Expression vector containing the coding region of HCCR-1 or ApoE was constructed as follows. First, the SalI fragment was isolated from the prokaryotic expression vector, pCEV-LAC, which contains the HCCR-1 or ApoE cDNA. Then, pcDNA3.1-V5-His (Invitrogen) or pcDNA3.1-Myc-His was digested with BamH I and SalI to make a compatible end with SalI. A SalI fragment containing the HCCR-1 or ApoE coding sequence was inserted into the XhoI-digested pcDNA3.1. Lipofectamine 2000 (Gibco) was used to introduce the HCCR-1 or ApoE expression vector into breast cancer cells. Selected transfectants were screened for the expression of HCCR-1 or ApoE by Western blot analysis.

Subcellular fractionation

The isolation of mitochondrial fractions of HEK293/HCCR-1 and HEK293/ApoE was carried out according to the mitochondria isolation kit (PIERCE). Briefly, cells were harvested by centrifuging at 850 g for 2 min. and the pellet was suspended with 800 μl of reagent A, and then incubated exactly 2 min. on ice. Next 10 μl of Reagent B was added to the suspended solution and incubated for 5 min. on ice with vortexing at maximum speed every minute. Then 800 μl of Reagent C was added to the solution and inverted the tube several times to mix. The solution was centrifuged at 700 g for 10 min. at 4°C, and the pellet was used for crude nucleic fraction. The supernatant was continuously centrifuged at 12,000 g for 15 min. at 4°C and transferred to a new tube for the post-mitochondrial supernatant fraction. The pellet was washed with 500 μl of Regent C, and used for isolation of the mitochondrial fraction. The isolated mitochondria were resuspended in 200 μl of freshly prepared 100 mM sodium carbonate pH 11.5 and incubated on ice for 30 min., and centrifuged at 100,000 g for 30 min. at 4°C. The supernatant was used as a mitochondrial matrix fraction. The pellet was resuspended with the same volume (200 μl) of 1× SDS loading buffer and used as a mitochondrial membrane fraction.
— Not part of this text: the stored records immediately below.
Lemma down_sum2Z (R : pzSemiRingType) (c : R) (f : tree -> tree -> R) a b :
  down_sum2 (fun a' b' => c * f a' b') a b = c * down_sum2 f a b.
Proof.
by rewrite /down_sum2 /down_sum mulr_sumr; apply: eq_bigr => a' _; rewrite mulr_sumr.
Qed.

Lemma down_sum2M (R : pzSemiRingType) (f g : tree -> R) a b :
  down_sum2 (fun a' b' => f a' * g b') a b = down_sum f a * down_sum g b.
Proof.
by rewrite /down_sum2 /down_sum mulr_suml; apply: eq_bigr => a' _; rewrite mulr_sumr.
Qed.

Lemma down_sum_pred1 (R : pzSemiRingType) x a :
  down_sum (fun a' => ((x == a')%:R : R)) a = (tle x a)%:R.
Proof.
rewrite /down_sum; under eq_bigr do rewrite eq_sym.
rewrite sum_indicator_uniq ?uniq_trees // mem_trees.
by case: (tleP x a) => [/tle_nnodes ->|_]; rewrite ?eqxx ?andbF.
Qed.

Lemma down_sum2_pred1 (R : pzSemiRingType) (p : tree * tree) a b :
  down_sum2 (fun a' b' => ((p == (a', b'))%:R : R)) a b = (tle p.1 a && tle p.2 b)%:R.
Proof.
case: p => x y /=; under eq_down_sum2 => a' b' _ _ do rewrite xpair_eqE -mulnb natrM.
by rewrite down_sum2M !down_sum_pred1 -natrM mulnb.
Qed.

Lemma down_sum_mu s a : down_sum (mu s) a = (s == a)%:R.
Proof.
case: (tleP s a) => [le_sa|not_le_sa].
  rewrite -sum_mu_interval (tle_nnodes le_sa) /down_sum big_mkcond [RHS]big_mkcond.
  apply: eq_bigr => a' _; case: (tleP a' a) => _; rewrite ?andbT ?andbF //.
  by case: tleP => // not_le_sa'; rewrite mu_eq0.
rewrite /down_sum big1 => [|a' /tleP le_a'a].
  by case: eqP => // eq_sa; case: not_le_sa; rewrite eq_sa; apply: tle_refl.
by apply: mu_eq0 => le_sa'; case: not_le_sa; apply: tle_trans le_sa' le_a'a.
Qed.

Definition coef (x : elt) (a : tree) : rat := \sum_(p <- x | p.2 == a) p.1.

Lemma coef2_tensor x y a b : coef2 (tensor x y) a b = coef x a * coef y b.
Proof.
rewrite /coef2 /tensor /coef big_mkcond big_allpairs_dep [in RHS]big_mkcond mulr_suml.
apply: eq_bigr => p _; rewrite [in RHS]big_mkcond mulr_sumr; apply: eq_bigr => q _ /=.
by rewrite xpair_eqE; case: (p.2 == a); case: (q.2 == b); rewrite ?mulr0 ?mul0r.
Qed.

Lemma coef_Mb s a : coef (Mb s) a = mu s a.
Proof.
rewrite /coef /Mb big_map big_filter_cond /= sum_pred1_uniq ?uniq_trees // mem_trees.
by case: (tleP s a) => [le_sa|/mu_eq0 ->]; rewrite ?(tle_nnodes le_sa) ?eqxx ?andbF.
Qed.

Lemma sum_tsplit_positions (R : nmodType) u p (c : R) :
  \sum_(i <- iota 0 (nnodes u).+1 | tsplit u i == p) c =
  if tsplit u (nnodes p.1) == p then c else 0.
Proof.
have size_p i : tsplit u i = p -> nnodes p.1 = minn i (nnodes u).
  by move=> <-; apply: nnodes_tsplit1.
rewrite big_seq_cond (eq_bigl (fun i =>
  (i \in iota 0 (nnodes u).+1) && (tsplit u i == p) && (i == nnodes p.1))).
  rewrite sum_pred1_uniq ?iota_uniq // andbA andbb mem_iota.
  case: eqP => [/size_p size_p1|_]; last by rewrite andbF.
  by rewrite andbT ifT //; lia.
move=> i; rewrite mem_iota; case: eqP => [/size_p size_p1|]; rewrite ?andbT ?andbF //.
by case: eqP => [->|ne]; rewrite ?andbT ?andbF //; apply/negbTE; lia.
Qed.

Lemma coef2_Delta x a b :
  coef2 (Delta x) a b = \sum_(p <- x | tsplit p.2 (nnodes a) == (a, b)) p.1.
Proof.
rewrite /coef2 /Delta big_flatten big_map [RHS]big_mkcond; apply: eq_bigr => p _.
by rewrite big_map sum_tsplit_positions.
Qed.

Lemma coef2_Delta_Mb r a b : coef2 (Delta (Mb r)) a b =
  \sum_(u <- trees (nnodes r) | tle r u) mu r u * (tsplit u (nnodes a) == (a, b))%:R.
Proof.
rewrite coef2_Delta /Mb big_map big_filter_cond big_mkcondr; apply: eq_bigr => u _ /=.
by case: eqP; rewrite ?mulr1 ?mulr0.
Qed.

Lemma down_sum2_coef2_Delta_Mb r a b :
  down_sum2 (coef2 (Delta (Mb r))) a b = (r == over a b)%:R.
Proof.
under eq_down_sum2 => a' b' /tleP /tle_nnodes size_a' _ do rewrite coef2_Delta_Mb size_a'.
rewrite down_sum2_sum -sum_mu_interval [RHS]big_mkcondr; apply: eq_bigr => u _.
by rewrite down_sum2Z down_sum2_pred1 -tle_over_tsplit; case: tle; rewrite ?mulr1 ?mulr0.
Qed.

Lemma coef2_rhs r a b :
  coef2 (rhs r) a b = \sum_(st <- decomps r) mu st.1 a * mu st.2 b.
Proof.
rewrite /coef2 /rhs big_flatten big_map; apply: eq_bigr => st _.
by rewrite -coef_Mb -coef_Mb -coef2_tensor.
Qed.

Lemma down_sum2_coef2_rhs r a b : down_sum2 (coef2 (rhs r)) a b = (over a b == r)%:R.
Proof.
under eq_down_sum2 => a' b' _ _ do rewrite coef2_rhs.
rewrite down_sum2_sum.
under eq_bigr do rewrite down_sum2M !down_sum_mu -natrM mulnb -xpair_eqE.
by rewrite sum_indicator_uniq ?uniq_decomps // mem_decomps andbT.
Qed.

Theorem theorem5p1 (n : nat) (r : tree) :
  nnodes r = n ->
  forall a b : tree, coef2 (Delta (Mb r)) a b = coef2 (rhs r) a b.
Proof.
move=> _; apply: down_sum2_inj => a b.
by rewrite down_sum2_coef2_Delta_Mb down_sum2_coef2_rhs eq_sym.
Qed.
Haematoxylin-eosin staining

All paraffin blocks were processed and cut into 4-μm-thick sections. The sections were stained with routine haematoxylin and eosin and were studied to ascertain the morphology of the lesion.

Co-transfection and immunoprecipitation

Cells were transfected with pcDNA3.1 (Invitrogen) encoding HCCR-1-V5-His (Invitrogen) fusion protein and ApoE-Myc-His (Invitrogen). After 48 hrs, the cells were harvested and lysed with lysis buffer. The lysates were precleared with preimmune serum (mouse) and protein A-Sepharose at 4°C for 30 min. Aliquots (1 mg) of precleared cell lysates were incubated with a 1:500 dilution of anti-V5 (Invitrogen) or 1:250 dilution of anti-Myc (Invitrogen) mAb and 40 ml of a 1:1 slurry of protein A-Sepharose beads (Amersham Biosciences, Uppsala, Sweden) in PBS for 16 hrs at 4°C. The immune complexes were subjected to SDS-PAGE and Western blot analysis with a 1:1000 dilution of anti-Myc or 1:3000 dilution of anti-V5 antibodies in TBS.

Detection of ApoE in culture supernatants by sandwich ELISA

To study the kinetics of ApoE production during proliferating phase of breast cancer cells, 106 cells were layered in flasks in DMEM for 8 days. The ApoE concentration was determined by sandwich ELISA using a commercially available kit (MBL ApoE4/Pan-ApoE ELISA kit, MBL Co., Woburn, MA, USA). MBL ELISA Kit measures Human ApoE4 or Pan-ApoE by sandwich ELISA. The assay uses affinity purified polyclonal antibody against ApoE and monoclonal antibody against ApoE4.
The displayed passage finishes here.